Conquer The Everest of the East!
Mt Washington offers winter alpine conditions similar to what you might find in Alaska and in the greater ranges. Mt Washington is home to the World’s Worst Weather, and the highest recorded windspeed on earth at 231mph. That makes this a great place to train and gain valuable experience in accessible alpine terrain, all within 3 hours of the road. Overall, from a mountaineer’s perspective, that makes this a pretty cheap date-no ski planes or multi day approach hikes. In General, winter ascents are offered daily from mid November to mid April depending on conditions.
What to expect:
Wind that might knock you off of your feet, temperatures between 10 degrees and -30 degrees F, ice, snow and rocks, blowing snow and freezing fog, rime ice, limited visibility, and an all out fight to keep the blood flowing to your fingertips!
In contrast, I’ve had tons of lovely days up there. Sunshine, light wind, neve snow, moderate temperatures. Bliss.
No matter which route we choose, we’ll be carrying 20 pounds of food, water, clothing and equipment (maybe more depending on the route). We will wear mountaineering boots, and crampons on our feet. We will learn to use an ice axe and crampons, and then we’ll use them on the upper mountain. Plan for an 8-10 hour day, maybe longer.
Lion’s Head Route– This is the standard route up Mt Washington during the winter season. It is non technical in the sense that you will likely not use a rope, unless conditions dictate otherwise. There is a short steep section that is generally considered 4th class; cramponed feet on rock or ice while pulling in piolet traction–pulling on your ice axe. Otherwise, it is mostly a snow climb with limited exposure. This route also limits our exposure to avalanche terrain.

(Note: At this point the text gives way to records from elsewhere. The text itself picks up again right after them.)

(* Let $M$ be a Turing machine (bi-infinite tape, symbols $\{0,1,3\}$ with $0$ blank, states $\{0,\dots,|Q|-1\}$) computing a function $f:\Sigma^*\to\Sigma^*$, $\Sigma=\{1,3\}$, in time $T(\ell(\omega))$ on input $\omega$. One can construct a function $\tilde f:\mathbb N\times\mathbb R\to\mathbb R$ in $\mathbb{LDL}^\circ$ such that, for every input $\omega$, $\tilde f(2^{T(\ell(\omega))},\gamma_{word}(\omega))$ provides $f(\omega)$ with respect to the encoding $\gamma_{word}$, i.e. equals $\gamma_{word}(f(\omega))$.
   Context: For a word $w=w_0w_1\dots$ over $\{0,1,3\}$, $\gamma_{word}(w)=\sum_{i\ge0}w_i4^{-(i+1)}$. The input $\omega$ is initially written to the right of the head (left part blank) in the initial state, and the output is read as the tape content to the right of the head; halting configurations are fixed points of the step function. $\ell$ denotes length. $\overline{\mathrm{sg}}:\mathbb R\to\mathbb R$ is a fixed continuous piecewise affine function equal to $1$ for $x>3/4$ and $0$ for $x<1/4$. An $\overline{\mathrm{sg}}$-polynomial expression is built from $+,-,\times,\overline{\mathrm{sg}}$ over variables and integer constants; $\deg(x,x)=1$, $\deg(x,x')=0$ for other variables/constants, $\deg(x,P+Q)=\max$, $\deg(x,P\times Q)=$ sum, $\deg(x,\overline{\mathrm{sg}}(P))=0$; $\mathbf u$ is essentially linear in $\mathbf f$ if $\mathbf u=\mathbf A\cdot\mathbf f+\mathbf B$ with $\mathbf A,\mathbf B$ $\overline{\mathrm{sg}}$-polynomial expressions of degree $0$ in $\mathbf f$. Linear length ODE schema: $\mathbf f(0,\mathbf y)=\mathbf g(\mathbf y)$, $\mathbf f(x+1,\mathbf y)=\mathbf f(x,\mathbf y)+(\ell(x+1)-\ell(x))\,\mathbf u(\mathbf f(x,\mathbf y),\mathbf h(x,\mathbf y),x,\mathbf y)$ with $\mathbf u$ essentially linear in $\mathbf f(x,\mathbf y)$, where $\ell:\mathbb N\to\mathbb N$ is binary length. $\mathbb{LDL}^\circ$: smallest class of functions (arguments/values in $\mathbb N,\mathbb Z,\mathbb Q,\mathbb R$, composition partial) containing $0,1$, projections, $\ell$, $+,-,\times$ (over the reals), $\overline{\mathrm{sg}}$, $x\mapsto x/2$, closed under composition and linear length ODE. *)

From Stdlib Require Import Reals List ZArith Arith Lia.
Import ListNotations.
Open Scope R_scope.

Definition piecewise_affine (s : R -> R) : Prop :=
  exists bs : list R, forall x y, x <= y ->
    (forall b, In b bs -> ~ (x < b < y)) ->
    exists a c, forall z, x <= z <= y -> s z = a * z + c.

Definition IsSgBar (s : R -> R) : Prop :=
  continuity s /\ piecewise_affine s /\
  (forall x, 3/4 < x -> s x = 1) /\ (forall x, x < 1/4 -> s x = 0).

(* binary length on N : l(x) = floor(log2 x) + 1, l(0) = 1 *)
Definition blen (n : nat) : nat := S (Nat.log2 n).

Definition to_nat_opt (x : R) : option nat :=
  let N := Z.to_nat (Int_part x) in
  if Req_EM_T x (INR N) then Some N else None.

Inductive sexp (V : Type) : Type :=
| SVar : V -> sexp V
| SConst : Z -> sexp V
| SAdd : sexp V -> sexp V -> sexp V
| SSub : sexp V -> sexp V -> sexp V
| SMul : sexp V -> sexp V -> sexp V
| SSg : sexp V -> sexp V.
Arguments SVar {V}. Arguments SConst {V}. Arguments SAdd {V}.
Arguments SSub {V}. Arguments SMul {V}. Arguments SSg {V}.

Fixpoint seval {V} (sg : R -> R) (env : V -> R) (e : sexp V) : R :=
  match e with
  | SVar v => env v
  | SConst z => IZR z
  | SAdd a b => seval sg env a + seval sg env b
  | SSub a b => seval sg env a - seval sg env b
  | SMul a b => seval sg env a * seval sg env b
  | SSg a => sg (seval sg env a)
  end.

Fixpoint sdeg {V} (P : V -> bool) (e : sexp V) : nat :=
  match e with
  | SVar v => if P v then 1%nat else 0%nat
  | SConst _ => 0%nat
  | SAdd a b | SSub a b => Nat.max (sdeg P a) (sdeg P b)
  | SMul a b => (sdeg P a + sdeg P b)%nat
  | SSg _ => 0%nat
  end.

(* variables of u : components of f(x,y), of h(x,y), x, components of y *)
Inductive uvar : Type := UF (j : nat) | UH (j : nat) | UX | UY (j : nat).
Definition isF (v : uvar) : bool := match v with UF _ => true | _ => false end.

Definition pfun := list R -> option R.
Definition pdflt : pfun := fun _ => None.

Fixpoint opt_all (l : list (option R)) : option (list R) :=
  match l with
  | [] => Some []
  | Some a :: l' => match opt_all l' with Some v => Some (a :: v) | None => None end
  | None :: _ => None
  end.

Definition cst_fun (n : nat) (c : R) : pfun :=
  fun xs => if Nat.eqb (length xs) n then Some c else None.
Definition proj_fun (n i : nat) : pfun :=
  fun xs => if Nat.eqb (length xs) n then Some (nth i xs 0) else None.
Definition un_fun (f : R -> R) : pfun :=
  fun xs => match xs with [x] => Some (f x) | _ => None end.
Definition bin_fun (f : R -> R -> R) : pfun :=
  fun xs => match xs with [x; y] => Some (f x y) | _ => None end.
Definition len_fun : pfun :=
  fun xs => match xs with
            | [x] => match to_nat_opt x with
                     | Some N => Some (INR (blen N)) | None => None end
            | _ => None end.
Definition comp_fun (F : pfun) (G : list pfun) : pfun :=
  fun xs => match opt_all (map (fun g => g xs) G) with
            | Some ys => F ys | None => None end.

Definition rsum (l : list R) : R := fold_right Rplus 0 l.

(* one step of the linear length ODE, with u = A . f + B *)
Definition ode_step (sg : R -> R) (m : nat) (A : list (list (sexp uvar)))
  (B : list (sexp uvar)) (fv hv : list R) (N : nat) (ys : list R) : list R :=
  let env (v : uvar) : R :=
    match v with
    | UF j => nth j fv 0 | UH j => nth j hv 0
    | UX => INR N | UY j => nth j ys 0 end in
  map (fun i =>
         nth i fv 0 + (INR (blen (S N)) - INR (blen N)) *
           (rsum (map (fun j => seval sg env (nth j (nth i A []) (SConst 0%Z)) * nth j fv 0)
                      (seq 0 m))
            + seval sg env (nth i B (SConst 0%Z))))
      (seq 0 m).

Fixpoint ode_iter (sg : R -> R) (m : nat) (g h : list pfun)
  (A : list (list (sexp uvar))) (B : list (sexp uvar)) (N : nat) (ys : list R)
  : option (list R) :=
  match N with
  | O => opt_all (map (fun gi => gi ys) g)
  | S N' =>
      match ode_iter sg m g h A B N' ys, opt_all (map (fun hj => hj (INR N' :: ys)) h) with
      | Some fv, Some hv => Some (ode_step sg m A B fv hv N' ys)
      | _, _ => None
      end
  end.

Definition ode_fun (sg : R -> R) (n m : nat) (g h : list pfun)
  (A : list (list (sexp uvar))) (B : list (sexp uvar)) (i : nat) : pfun :=
  fun xs => match xs with
            | x :: ys =>
                if Nat.eqb (length ys) n then
                  match to_nat_opt x with
                  | Some N => option_map (fun v => nth i v 0) (ode_iter sg m g h A B N ys)
                  | None => None
                  end
                else None
            | [] => None
            end.

Inductive LDL (sg : R -> R) : nat -> pfun -> Prop :=
| LDL_zero n : LDL sg n (cst_fun n 0)
| LDL_one n : LDL sg n (cst_fun n 1)
| LDL_proj n i : (i < n)%nat -> LDL sg n (proj_fun n i)
| LDL_len : LDL sg 1 len_fun
| LDL_add : LDL sg 2 (bin_fun Rplus)
| LDL_sub : LDL sg 2 (bin_fun Rminus)
| LDL_mul : LDL sg 2 (bin_fun Rmult)
| LDL_sg : LDL sg 1 (un_fun sg)
| LDL_half : LDL sg 1 (un_fun (fun x => x / 2))
| LDL_comp n k (F : pfun) (G : list pfun) :
    LDL sg k F -> length G = k ->
    (forall j, (j < k)%nat -> LDL sg n (nth j G pdflt)) ->
    LDL sg n (comp_fun F G)
| LDL_ode n m k (g h : list pfun) (A : list (list (sexp uvar))) (B : list (sexp uvar)) :
    length g = m -> (forall j, (j < m)%nat -> LDL sg n (nth j g pdflt)) ->
    length h = k -> (forall j, (j < k)%nat -> LDL sg (S n) (nth j h pdflt)) ->
    length A = m -> (forall r, In r A -> length r = m) -> length B = m ->
    (forall r e, In r A -> In e r -> sdeg isF e = 0%nat) ->
    (forall e, In e B -> sdeg isF e = 0%nat) ->
    forall i, (i < m)%nat -> LDL sg (S n) (ode_fun sg n m g h A B i).

Inductive sym : Type := B0 | S1 | S3.
Definition symval (a : sym) : R := match a with B0 => 0 | S1 => 1 | S3 => 3 end.
Inductive sig13 : Type := A1 | A3.
Definition inj13 (a : sig13) : sym := match a with A1 => S1 | A3 => S3 end.
(* Let $\mathbf v=(v_1,\dots,v_m)$ and $\mathbf k=(k_1,\dots,k_m)$ be $m$-tuples of positive integers with $k_i\le v_i$ for all $i$, and let $v_{\max}=\max_i v_i$ and $k_{\min}=\min_i k_i$. Suppose there is an index $i$ with $v_i=v_{\max}$ and $k_i=k_{\min}\ge2$. Then $C(\mathbf v,\mathbf k,2)=C(v_{\max},k_{\min},2)$.
   Context: Let $X_1,\dots,X_m$ be pairwise disjoint sets with $|X_i|=v_i$. A block is an $m$-tuple $(B_1,\dots,B_m)$ with $B_i\subseteq X_i$, $|B_i|=k_i$. An $m$-tuple of sets $(T_1,\dots,T_m)$ is $(\mathbf v,\mathbf k,2)$-admissible if $T_i\subseteq X_i$, $|T_i|\le k_i$ and $\sum|T_i|=2$; it is contained in a block if $T_i\subseteq B_i$ for all $i$. A ${\rm GC}(\mathbf v,\mathbf k,2)$ is a finite family (repetitions allowed) of blocks containing every admissible tuple in at least one block; $C(\mathbf v,\mathbf k,2)$ is the minimum number of blocks. For integers $v\ge k\ge2$, $C(v,k,2)$ is the ordinary covering number: the minimum number of $k$-subsets of a $v$-set such that every $2$-subset is contained in at least one of them. *)

From mathcomp Require Import all_boot.
Unset Printing Implicit Defensive.

Definition is_cover (v k : nat) (F : seq {set 'I_v}) : Prop :=
  (forall B, B \in F -> #|B| = k) /\
  (forall P : {set 'I_v}, #|P| = 2 -> exists2 B, B \in F & P \subset B).

Definition is_covering_number (v k c : nat) : Prop :=
  (exists F : seq {set 'I_v}, size F = c /\ is_cover v k F) /\
  (forall F : seq {set 'I_v}, is_cover v k F -> c <= size F).

(* The disjoint union X_1 u ... u X_m with X_i = 'I_(v i); an element is a pair
   (i, x) with x : 'I_(v i).  Subsets of the ground set correspond exactly to
   m-tuples (T_1,...,T_m) with T_i subset of X_i. *)
Definition ground {m : nat} (v : 'I_m -> nat) : finType :=
  {i : 'I_m & 'I_(v i)}.

Definition part {m : nat} {v : 'I_m -> nat} (A : {set ground v}) (i : 'I_m)
  : {set ground v} := [set x in A | tag x == i].

Definition is_block {m : nat} (v k : 'I_m -> nat) (B : {set ground v}) : Prop :=
  forall i, #|part B i| = k i.

Definition admissible {m : nat} (v k : 'I_m -> nat) (T : {set ground v}) : Prop :=
  (forall i, #|part T i| <= k i) /\ #|T| = 2.

(* A GC(v,k,2): a family of blocks containing every admissible tuple in at
   least one block (containment T_i subset B_i for all i is T \subset B). *)
Definition is_GC {m : nat} (v k : 'I_m -> nat) (F : seq {set ground v}) : Prop :=
  (forall B, B \in F -> is_block v k B) /\
  (forall T, admissible v k T -> exists2 B, B \in F & T \subset B).

Definition is_GC_number {m : nat} (v k : 'I_m -> nat) (c : nat) : Prop :=
  (exists F : seq {set ground v}, size F = c /\ is_GC v k F) /\
  (forall F : seq {set ground v}, is_GC v k F -> c <= size F).

(** Projecting onto a coordinate [i0] with [v i0 = v_max] and [k i0 = k_min]
    turns a GC(v,k,2) into a covering C(v_max,k_min,2) of the same size, since
    every pair inside [X_i0] is admissible. Conversely, identifying each [X_i]
    with an initial segment of [X_i0], a block [A] of a covering yields a
    generalized block by extending each trace [A ∩ X_i] (of size at most
    [k_min <= k_i]) to a [k_i]-subset of [X_i]; any admissible pair meets [X_i0]
    in at most two points, which lie in a common block [A]. *)

From mathcomp Require Import all_boot.
From Stdlib Require Import Wf_nat Classical.

Set Implicit Arguments.
Unset Strict Implicit.

Lemma exists_superset_card (T : finType) (S : {set T}) (n : nat) :
  #|S| <= n <= #|T| -> exists2 B : {set T}, S \subset B & #|B| = n.
Proof.
case/andP=> leSn lenT.
have /card_geqP[s [uniq_s size_s sub_s]] : n - #|S| <= #|~: S|.
  by rewrite leq_subLR cardsC.
exists (S :|: [set x in s]); first exact: subsetUl.
have disj : S :&: [set x in s] = set0.
  by apply/setP => x; rewrite !inE; apply/andP => -[xS /sub_s]; rewrite inE xS.
have card_s : #|[set x in s]| = size s.
  by rewrite -(card_uniqP uniq_s); apply: eq_card => x; rewrite inE.
by rewrite cardsU disj cards0 subn0 card_s size_s subnKC.
Qed.

Lemma ex_minimal (P : nat -> Prop) :
  (exists n, P n) -> exists2 c, P c & forall n, P n -> c <= n.
Proof.
move=> exP.
have [c [[Pc minc] _]] :=
  dec_inh_nat_subset_has_unique_least_element P (fun n => classic (P n)) exP.
by exists c => // n /minc /leP.
Qed.

Lemma is_cover_subset (V K : nat) (F : seq {set 'I_V}) (S : {set 'I_V}) :
  is_cover V K F -> 2 <= V -> #|S| <= 2 -> exists2 B, B \in F & S \subset B.
Proof.
move=> [_ coverF] leV2 leS2.
have [P sub_SP card_P] : exists2 P : {set 'I_V}, S \subset P & #|P| = 2.
  by apply: exists_superset_card; rewrite leS2 card_ord.
have [B BF sub_PB] := coverF P card_P.
by exists B; last exact: subset_trans sub_PB.
Qed.

Lemma exists_covering_number (V K : nat) :
  2 <= K <= V -> exists c, is_covering_number V K c.
Proof.
case/andP=> le2K leKV.
have cover_all : is_cover V K (enum [set B : {set 'I_V} | #|B| == K]).
  split=> [B | P card_P]; first by rewrite mem_enum inE => /eqP.
  have [B sub_PB card_B] : exists2 B : {set 'I_V}, P \subset B & #|B| = K.
    by apply: exists_superset_card; rewrite card_P le2K card_ord.
  by exists B; rewrite // mem_enum inE card_B.
have [c [F [<- coverF]] minc] :=
  ex_minimal (P := fun c => exists F, size F = c /\ is_cover V K F)
             (ex_intro _ _ (ex_intro _ _ (conj erefl cover_all))).
by exists (size F); split; [exists F | move=> G coverG; apply: minc; exists G].
Qed.

Section Slices.

Variables (m : nat) (v : 'I_m -> nat).

Definition slice (A : {set ground v}) (i : 'I_m) : {set 'I_(v i)} :=
  [set y | Tagged (fun j => 'I_(v j)) y \in A].

Lemma part_slice (A : {set ground v}) (i : 'I_m) :
  part A i = Tagged (fun j => 'I_(v j)) @: slice A i.
Proof.
apply/setP=> -[j y]; rewrite inE /=; apply/andP/imsetP => [[yA /eqP ji] | [z]].
  by subst j; exists y; rewrite ?inE.
rewrite inE => zA yz; split; first by rewrite yz.
by have /= -> := congr1 tag yz.
Qed.

Lemma card_part (A : {set ground v}) (i : 'I_m) : #|part A i| = #|slice A i|.
Proof. by rewrite part_slice card_imset //; apply: eq_from_Tagged. Qed.

Lemma is_cover_slice (k : 'I_m -> nat) (i0 : 'I_m) (F : seq {set ground v}) :
  2 <= k i0 -> is_GC v k F -> is_cover (v i0) (k i0) [seq slice B i0 | B <- F].
Proof.
move=> le2k [blockF GCF]; split=> [_ /mapP[B BF ->] | P card_P].
  by rewrite -card_part; apply: blockF.
pose T := Tagged (fun j => 'I_(v j)) @: P.
have card_T : #|T| = 2 by rewrite card_imset //; apply: eq_from_Tagged.
have admT : admissible v k T.
  split=> // i; have [<- | ne_i0i] := eqVneq i0 i.
    rewrite (leq_trans _ le2k) // -card_T subset_leq_card //.
    by apply/subsetP=> x; rewrite inE => /andP[].
  suff -> : part T i = set0 by rewrite cards0.
  by apply/setP=> x; rewrite !inE; apply/andP=> -[/imsetP[y _ ->]]; rewrite (negbTE ne_i0i).
have [B BF sub_TB] := GCF T admT.
exists (slice B i0); first exact: map_f.
by apply/subsetP=> y Py; rewrite inE (subsetP sub_TB) ?imset_f.
Qed.

End Slices.

Section Lifting.

Variables (m : nat) (v k : 'I_m -> nat) (i0 : 'I_m).
Hypotheses (le_kv : forall i, k i <= v i) (le_v : forall i, v i <= v i0)
           (le_k : forall i, k i0 <= k i).

Definition trace (A : {set 'I_(v i0)}) (i : 'I_m) : {set 'I_(v i)} :=
  [set y | widen_ord (le_v i) y \in A].

Definition extend (A : {set 'I_(v i0)}) (i : 'I_m) : {set 'I_(v i)} :=
  odflt set0 [pick C : {set 'I_(v i)} | (trace A i \subset C) && (#|C| == k i)].

Definition lift (A : {set 'I_(v i0)}) : {set ground v} :=
  [set x | tagged x \in extend A (tag x)].

Lemma card_trace (A : {set 'I_(v i0)}) (i : 'I_m) : #|trace A i| <= #|A|.
Proof.
have widen_inj : injective (widen_ord (le_v i)).
  by move=> y z /(congr1 val) /= /val_inj.
rewrite -(card_imset _ widen_inj) subset_leq_card //.
by apply/subsetP=> _ /imsetP[y + ->]; rewrite inE.
Qed.

Lemma extend_spec (A : {set 'I_(v i0)}) (i : 'I_m) :
  #|A| <= k i0 -> trace A i \subset extend A i /\ #|extend A i| = k i.
Proof.
move=> le_Ak; rewrite /extend; case: pickP => [C /andP[-> /eqP] // | noC].
have [C sub_C card_C] : exists2 C : {set 'I_(v i)}, trace A i \subset C & #|C| = k i.
  apply: exists_superset_card.
  by rewrite card_ord le_kv (leq_trans (card_trace A i)) // (leq_trans le_Ak).
by have := noC C; rewrite sub_C card_C eqxx.
Qed.

Lemma slice_lift (A : {set 'I_(v i0)}) (i : 'I_m) : slice (lift A) i = extend A i.
Proof. by apply/setP=> y; rewrite !inE. Qed.

Lemma is_GC_lift (F : seq {set 'I_(v i0)}) :
  2 <= v i0 -> is_cover (v i0) (k i0) F -> is_GC v k [seq lift A | A <- F].
Proof.
move=> le2v coverF; have [blockF _] := coverF.
split=> [_ /mapP[A AF ->] i | T [_ /eqP/cards2P[p [q [_ ->]]]]].
  by rewrite card_part slice_lift; case: (extend_spec i (eq_leq (blockF A AF))).
pose w (x : ground v) := widen_ord (le_v (tag x)) (tagged x).
have card_pq : #|[set w p; w q]| <= 2 by rewrite cards2; case: (_ != _).
have [A AF sub_A] := is_cover_subset coverF le2v card_pq.
exists (lift A); first exact: map_f.
have in_lift x : w x \in A -> x \in lift A.
  have [sub_trace _] := extend_spec (tag x) (eq_leq (blockF A AF)).
  by move=> xA; rewrite inE (subsetP sub_trace) // inE.
by apply/subsetP=> x /set2P[] ->; apply: in_lift; rewrite (subsetP sub_A) ?set21 ?set22.
Qed.

End Lifting.

Theorem corollary3p19 (m : nat) (v k : 'I_m -> nat) (i0 : 'I_m) :
  (forall i, 0 < k i) ->
  (forall i, k i <= v i) ->
  (forall i, v i <= v i0) ->
  (forall i, k i0 <= k i) ->
  2 <= k i0 ->
  exists c, is_GC_number v k c /\ is_covering_number (v i0) (k i0) c.
Proof.
(* Positivity of [k] is implied by [le_k] and [le2k]. *)
move=> _ le_kv le_v le_k le2k.
have le2kv : 2 <= k i0 <= v i0 by rewrite le2k le_kv.
have [c [[F [<- coverF]] minF]] := exists_covering_number le2kv.
exists (size F); split; last by split; [exists F | ].
split.
  exists [seq lift k le_v A | A <- F]; rewrite size_map.
  by split=> //; apply: is_GC_lift => //; apply: leq_trans le2k (le_kv i0).
move=> G GC_G; rewrite -(size_map (fun B => slice B i0)).
exact/minF/is_cover_slice.
Qed.
(* Let $T>0$ and let $\mathcal P: C[0,T]\to C[0,T]$ be an operator such that, for some $M>0$, $$|\mathcal P[q_1](t)-\mathcal P[q_2](t)|\le M\max_{\tau\in[0,t]}|q_1(\tau)-q_2(\tau)|\qquad\forall q_1,q_2\in C[0,T],\ \forall t\in[0,T].$$ Assume moreover that for every constant $c\ge 0$ the operator $I+c\mathcal P$ is a bijection of $C[0,T]$ onto itself whose inverse satisfies $$|(I+c\mathcal P)^{-1}[w_1](t)-(I+c\mathcal P)^{-1}[w_2](t)|\le L\max_{\tau\in[0,t]}|w_1(\tau)-w_2(\tau)|\qquad\forall w_1,w_2\in C[0,T],\ \forall t\in[0,T],$$ with a constant $L>0$ independent of $c$. Let $w,b\in C[0,T]$ with $b(t)\ge 0$ for all $t\in[0,T]$. Then there exists a unique $q\in C[0,T]$ such that $$q(t)+b(t)\,\mathcal P[q](t)=w(t)\qquad\forall t\in[0,T].$$
   Context: $C[0,T]$ denotes the space of real continuous functions on $[0,T]$ and $I$ the identity operator. *)

From Stdlib Require Import Reals.
Open Scope R_scope.

(* f : R -> R is continuous on [0,T] (relative to [0,T]); its values outside
   [0,T] are irrelevant.  Elements of C[0,T] are such functions, identified
   up to their values on [0,T]. *)
Definition cont_on (T : R) (f : R -> R) : Prop :=
  forall t, 0 <= t <= T -> forall eps, eps > 0 ->
    exists delta, delta > 0 /\
      forall s, 0 <= s <= T -> Rabs (s - t) < delta -> Rabs (f s - f t) < eps.

Definition is_max_on (f : R -> R) (a b m : R) : Prop :=
  (exists x, a <= x <= b /\ f x = m) /\ (forall x, a <= x <= b -> f x <= m).

Definition IcP (P : (R -> R) -> (R -> R)) (c : R) (q : R -> R) : R -> R :=
  fun s => q s + c * P q s.

From Stdlib Require Import Reals Lra Lia.
Open Scope R_scope.

(* Cut [0,T] into intervals [a_k, a_(k+1)] on which b oscillates by at most
   1/(2LM). On such an interval, with c = b(a_k) and G = (I + cP)^(-1), the
   equation reads q = G[w + (c - b) P q]. For functions that already agree on
   [0,a_k), causality of P and G makes this map a 1/2-contraction for the sup
   norm on [0,a_(k+1)], so Picard iteration converges to the unique solution
   there; induction on k reaches T. *)

(* Extending f by constants outside [0,T] turns cont_on T f into continuity on R. *)
Definition clamp (a b x : R) : R := Rmax a (Rmin b x).

Lemma clamp_in a b x : a <= b -> a <= clamp a b x <= b.
Proof. intros; unfold clamp, Rmax, Rmin; repeat destruct Rle_dec; lra. Qed.

Lemma clamp_id a b x : a <= x <= b -> clamp a b x = x.
Proof. intros; unfold clamp, Rmax, Rmin; repeat destruct Rle_dec; lra. Qed.

Lemma clamp_lip a b x y : a <= b -> Rabs (clamp a b x - clamp a b y) <= Rabs (x - y).
Proof.
  intros; unfold clamp, Rmax, Rmin; repeat destruct Rle_dec;
  unfold Rabs; repeat destruct Rcase_abs; lra.
Qed.

Lemma continuity_clamp T f : 0 <= T -> cont_on T f -> continuity (fun x => f (clamp 0 T x)).
Proof.
  intros hT hf x eps heps.
  destruct (hf (clamp 0 T x) (clamp_in 0 T x hT) eps heps) as [d [hd H]].
  exists d; split; [exact hd|].
  intros y [_ hy]; simpl in *; unfold Rdist in *.
  apply H; [apply clamp_in; exact hT|].
  eapply Rle_lt_trans; [apply clamp_lip; exact hT | exact hy].
Qed.

Lemma cont_on_of_continuity_clamp T f :
  continuity (fun x => f (clamp 0 T x)) -> cont_on T f.
Proof.
  intros hf t ht eps heps.
  destruct (hf t eps heps) as [d [hd H]].
  exists d; split; [exact hd|]; intros s hs hst.
  destruct (Req_dec s t) as [->|hne]; [rewrite Rminus_diag, Rabs_R0; lra|].
  specialize (H s); simpl in H; unfold Rdist in H.
  rewrite !clamp_id in H by lra.
  apply H; repeat split; auto.
Qed.

Lemma cont_on_plus T f g : 0 <= T -> cont_on T f -> cont_on T g ->
  cont_on T (fun x => f x + g x).
Proof.
  intros hT hf hg; apply cont_on_of_continuity_clamp.
  exact (continuity_plus _ _ (continuity_clamp T f hT hf) (continuity_clamp T g hT hg)).
Qed.

Lemma cont_on_minus T f g : 0 <= T -> cont_on T f -> cont_on T g ->
  cont_on T (fun x => f x - g x).
Proof.
  intros hT hf hg; apply cont_on_of_continuity_clamp.
  exact (continuity_minus _ _ (continuity_clamp T f hT hf) (continuity_clamp T g hT hg)).
Qed.

Lemma cont_on_mult T f g : 0 <= T -> cont_on T f -> cont_on T g ->
  cont_on T (fun x => f x * g x).
Proof.
  intros hT hf hg; apply cont_on_of_continuity_clamp.
  exact (continuity_mult _ _ (continuity_clamp T f hT hf) (continuity_clamp T g hT hg)).
Qed.

Lemma cont_on_const T k : cont_on T (fun _ => k).
Proof.
  intros t ht eps heps; exists 1; split; [lra|].
  intros; rewrite Rminus_diag, Rabs_R0; lra.
Qed.

Lemma dist_max_exists T f g t : 0 <= t <= T -> cont_on T f -> cont_on T g ->
  exists m, is_max_on (fun s => Rabs (f s - g s)) 0 t m.
Proof.
  intros ht hf hg.
  assert (C : continuity (fun x => Rabs (f (clamp 0 T x) - g (clamp 0 T x)))).
  { apply continuity_comp with (f2 := Rabs); [|apply Rcontinuity_abs].
    apply continuity_minus; apply continuity_clamp; auto; lra. }
  destruct (continuity_ab_maj _ 0 t (proj1 ht) (fun x _ => C x)) as [x [Hmax Hx]].
  exists (Rabs (f x - g x)); split; [exists x; split; auto|].
  intros y hy; specialize (Hmax y hy); rewrite !clamp_id in Hmax by lra; exact Hmax.
Qed.

Lemma dist_bounded T f g t : 0 <= t <= T -> cont_on T f -> cont_on T g ->
  exists D, forall s, 0 <= s <= t -> Rabs (f s - g s) <= D.
Proof.
  intros ht hf hg; destruct (dist_max_exists T f g t ht hf hg) as [m [_ H]].
  exists m; exact H.
Qed.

After a 2 mile hike up the Tuckerman Ravine Train, we turn onto the Huntington Fire Road. After 5 minutes we reach a good stopping place. A quick rest, snack and sip of tea will lead us to putting crampons on our mountain boots. From here, it’s an hour of steep terrain, we will gain 1000′ in a quarter of a mile. This steep section ends at treeline. From here we climb with our next goal of Lion’s Head Buttress. Another snack, and were off across the Alpine Garden to the steeper South East Snowfields and Split Rock on the summit cone. From Split Rock it’s about 40 minutes of moderate snow climbing (and sometimes rocks) to the summit of Mt Washington. The most exposure we come across is from weather and generally it’s below Lion’s Head, the Alpine Garden and then again right below the summit. We try to climb when the weather is better, but we often have success even when the weather is poor.
Huntington Ravine has wonderful gully climbs. Beginner to Advanced options, ice snow and rock, with team rope travel and intermediate belays. Classic. Pinnacle Gully is the most sought after classic in New England. 800′ of ice climbing, in a giant runnel of ice splitting a rock buttress. It’s a favorite. O’Dells, Central, Yale and Damnation Gullies offer high quality climbing as well. The rocky spines left of O’Dells Gully, the giant Damnation Buttress and the NE Ridge of the Pinnacle offer classic mixed climbs from easy 5th class to 5.8 or so. Cloudwalker is a sweet late winter line as well.
Tuckerman Ravine has good snow climbing options on it’s north side. Right Gully and Lobster Claw provide good options to the Lions Head for summit climbs when the snow and weather conditions are good. They are best for advanced beginners. The Tuckerman Ravine headwall offers superb early season ice climbing. It is generally in condition from the end of November to the beginning of January. Options from II-III WI 2 -4.
Other options exist, but these are the most requested options.
In summer, join us for a climb of the Northeast Ridge of the Pinnacle Buttress in Huntington Ravine. A fun 7 pitch outing with wild exposure and fun climbing. It’s great training for alpine ascents in the Tetons or the Alps.
Plan to walk uphill for 2-4 hours, with a 20-30 lb. backpack over rough terrain covering up to 9 miles with 4000′ of elevation gain and 4000′ of elevation loss over the course of one day, all year. In winter, terrain will be ice and snow covered, adding to the difficulty.